-- Opening Marker --

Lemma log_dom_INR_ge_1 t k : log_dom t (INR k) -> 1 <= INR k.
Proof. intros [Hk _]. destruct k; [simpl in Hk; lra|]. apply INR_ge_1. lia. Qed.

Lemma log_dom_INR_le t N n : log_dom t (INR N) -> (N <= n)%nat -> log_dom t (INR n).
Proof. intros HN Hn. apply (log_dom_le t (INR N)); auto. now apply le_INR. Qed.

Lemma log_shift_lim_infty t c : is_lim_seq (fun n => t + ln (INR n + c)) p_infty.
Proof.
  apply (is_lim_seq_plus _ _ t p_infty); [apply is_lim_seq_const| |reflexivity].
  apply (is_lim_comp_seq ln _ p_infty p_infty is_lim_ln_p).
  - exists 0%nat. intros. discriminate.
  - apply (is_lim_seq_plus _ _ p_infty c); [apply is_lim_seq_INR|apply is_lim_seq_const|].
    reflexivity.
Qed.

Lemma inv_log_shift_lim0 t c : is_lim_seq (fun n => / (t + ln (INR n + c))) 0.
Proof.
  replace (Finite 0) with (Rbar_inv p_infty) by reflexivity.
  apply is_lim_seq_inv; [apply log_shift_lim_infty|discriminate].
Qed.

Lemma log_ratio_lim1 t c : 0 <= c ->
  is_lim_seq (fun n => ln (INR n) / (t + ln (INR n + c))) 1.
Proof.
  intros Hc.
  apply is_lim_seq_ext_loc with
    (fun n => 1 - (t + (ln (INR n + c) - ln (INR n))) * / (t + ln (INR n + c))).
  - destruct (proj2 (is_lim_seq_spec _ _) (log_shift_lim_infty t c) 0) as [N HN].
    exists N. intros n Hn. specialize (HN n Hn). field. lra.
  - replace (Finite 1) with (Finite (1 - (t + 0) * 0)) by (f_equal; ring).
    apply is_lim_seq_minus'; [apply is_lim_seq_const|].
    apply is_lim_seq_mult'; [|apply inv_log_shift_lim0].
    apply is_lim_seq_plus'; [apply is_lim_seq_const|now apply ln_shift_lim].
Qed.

-- Closing Marker --
-- Opening Marker --

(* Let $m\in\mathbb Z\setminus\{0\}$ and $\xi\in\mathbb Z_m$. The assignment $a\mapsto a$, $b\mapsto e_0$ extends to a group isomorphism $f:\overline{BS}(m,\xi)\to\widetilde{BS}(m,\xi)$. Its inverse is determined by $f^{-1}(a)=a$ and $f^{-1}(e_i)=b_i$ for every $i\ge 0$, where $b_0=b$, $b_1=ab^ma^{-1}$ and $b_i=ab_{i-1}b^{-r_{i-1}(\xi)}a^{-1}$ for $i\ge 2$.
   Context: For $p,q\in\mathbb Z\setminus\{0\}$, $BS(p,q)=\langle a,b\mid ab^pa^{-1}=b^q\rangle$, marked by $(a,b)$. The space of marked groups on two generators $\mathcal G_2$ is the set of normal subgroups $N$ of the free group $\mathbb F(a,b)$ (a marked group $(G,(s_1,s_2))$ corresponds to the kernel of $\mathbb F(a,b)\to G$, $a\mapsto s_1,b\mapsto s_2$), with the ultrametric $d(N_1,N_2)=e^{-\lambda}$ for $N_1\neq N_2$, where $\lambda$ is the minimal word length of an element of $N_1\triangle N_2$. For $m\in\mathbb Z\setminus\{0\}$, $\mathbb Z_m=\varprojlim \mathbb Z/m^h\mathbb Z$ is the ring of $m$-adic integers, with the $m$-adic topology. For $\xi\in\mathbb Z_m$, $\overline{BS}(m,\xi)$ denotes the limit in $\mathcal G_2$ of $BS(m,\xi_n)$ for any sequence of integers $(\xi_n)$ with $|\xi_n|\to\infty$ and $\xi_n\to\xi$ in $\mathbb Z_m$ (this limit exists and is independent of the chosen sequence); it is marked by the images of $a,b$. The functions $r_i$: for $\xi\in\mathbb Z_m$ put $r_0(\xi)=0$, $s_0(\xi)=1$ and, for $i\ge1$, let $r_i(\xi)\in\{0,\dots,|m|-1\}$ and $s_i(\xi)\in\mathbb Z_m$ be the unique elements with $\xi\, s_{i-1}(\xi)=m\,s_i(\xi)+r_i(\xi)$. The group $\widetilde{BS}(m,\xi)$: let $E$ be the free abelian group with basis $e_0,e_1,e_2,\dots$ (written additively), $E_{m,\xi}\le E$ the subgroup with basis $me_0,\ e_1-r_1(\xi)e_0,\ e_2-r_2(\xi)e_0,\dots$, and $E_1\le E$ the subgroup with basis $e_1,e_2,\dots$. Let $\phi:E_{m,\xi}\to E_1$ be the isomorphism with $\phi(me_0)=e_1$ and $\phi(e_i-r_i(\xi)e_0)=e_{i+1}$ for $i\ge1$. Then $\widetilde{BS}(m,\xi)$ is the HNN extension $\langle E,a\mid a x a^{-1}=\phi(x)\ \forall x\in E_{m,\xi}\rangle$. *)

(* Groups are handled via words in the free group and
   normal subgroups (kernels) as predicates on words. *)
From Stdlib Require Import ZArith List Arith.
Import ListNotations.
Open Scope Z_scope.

-- Closing Marker --

Work instruction:
Go through the material above line by line and state how many lines contain "intros". Give only the number.

Answer for the task:
5